(* Both tent heights are O(|f p - f q|); going from the segment points to their nearest
   endpoints costs at most D times the heights, and the vertices are D-bilipschitz. *)
Lemma via_le_thick_map p q :
  ~ (tp_a p = tp_a q /\ tp_b p = tp_b q) -> ~ (tp_a p = tp_b q /\ tp_b p = tp_a q) ->
  via_len adj p q <= (12 * D + 25) * ns_dist Z (thick_map p) (thick_map q).
Proof.
  destruct p as [a b Hab s Hs], q as [c d Hcd t Ht]; unfold thick_map, via_len, ns_dist; simpl.
  intros Hn1 Hn2.
  destruct (tent_bounds s Hs) as (Hs0 & _), (tent_bounds t Ht) as (Ht0 & _).
  pose proof (tents_le_distinct_edges a b c d s t Hn1 Hn2 Hs0 Ht0) as Htent.
  pose proof (seg_points_le_edge_points a b s c d t Hs0 Ht0) as Hseg.
  set (N := ns_norm Z (vsub Z (edge_point a b s) (edge_point c d t))) in *.
  destruct (nearest_endpoint a b s Hab Hs) as (x & Hx & Hxab).
  destruct (nearest_endpoint c d t Hcd Ht) as (y & Hy & Hycd).
  assert (Hvia : Rmin4 (s + gdistR adj a c + t) (s + gdistR adj a d + (1 - t))
                   (1 - s + gdistR adj b c + t) (1 - s + gdistR adj b d + (1 - t))
                 <= tent s + gdistR adj x y + tent t).
  { destruct (Rmin4_le (s + gdistR adj a c + t) (s + gdistR adj a d + (1 - t))
                (1 - s + gdistR adj b c + t) (1 - s + gdistR adj b d + (1 - t))) as (? & ? & ? & ?).
    destruct Hxab as [[-> ->]|[-> ->]], Hycd as [[-> ->]|[-> ->]]; lra. }
  assert (Hxy : gdistR adj x y <=
                D * tent s + ns_norm Z (vsub Z (seg_point a b s) (seg_point c d t)) + D * tent t).
  { destruct (w_bilip x y) as [Hl _]; unfold ns_dist in Hl.
    pose proof (norm_sub_triangle Z (w x) (seg_point a b s) (w y)).
    pose proof (norm_sub_triangle Z (seg_point a b s) (seg_point c d t) (w y)).
    rewrite (norm_subC Z (w x) (seg_point a b s)) in *; lra. }
  assert ((D + 2) * (tent s + tent t) <= (D + 2) * (12 * N)) by (apply Rmult_le_compat_l; lra).
  lra.
Qed.

Theorem thick_map_bounds p q :
  tdist adj p q <= (12 * D + 25) * ns_dist Z (thick_map p) (thick_map q) /\
  ns_dist Z (thick_map p) (thick_map q) <= (D + 1) * tdist adj p q.
Proof.
  apply tdist_bounds; [lra | apply thick_map_le_via | | | apply via_le_thick_map].
  - destruct p as [a b Hab s Hs], q as [c d Hcd t Ht]; simpl; intros [<- <-].
    unfold thick_map, ns_dist; simpl.
    pose proof (norm_ge0 Z (vsub Z (edge_point a b s) (edge_point a b t))).
    destruct (edge_point_same_edge a b s t Hab); split; nra.
  - destruct p as [a b Hab s Hs], q as [c d Hcd t Ht]; simpl; intros [<- <-].
    unfold thick_map, ns_dist; simpl; rewrite (edge_point_rev a b t).
    pose proof (norm_ge0 Z (vsub Z (edge_point a b s) (edge_point a b (1 - t)))).
    destruct (edge_point_same_edge a b s (1 - t) Hab); split; nra.
Qed.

- EXERCISE DIRECTIONS -
Copy the entries above exactly, but only from the line holding "assert (Hxy : gdistR" through the line holding "tdist adj p q <= (12", both included.

- WRITTEN REPLY -
  assert (Hxy : gdistR adj x y <=
                D * tent s + ns_norm Z (vsub Z (seg_point a b s) (seg_point c d t)) + D * tent t).
  { destruct (w_bilip x y) as [Hl _]; unfold ns_dist in Hl.
    pose proof (norm_sub_triangle Z (w x) (seg_point a b s) (w y)).
    pose proof (norm_sub_triangle Z (seg_point a b s) (seg_point c d t) (w y)).
    rewrite (norm_subC Z (w x) (seg_point a b s)) in *; lra. }
  assert ((D + 2) * (tent s + tent t) <= (D + 2) * (12 * N)) by (apply Rmult_le_compat_l; lra).
  lra.
Qed.

Theorem thick_map_bounds p q :
  tdist adj p q <= (12 * D + 25) * ns_dist Z (thick_map p) (thick_map q) /\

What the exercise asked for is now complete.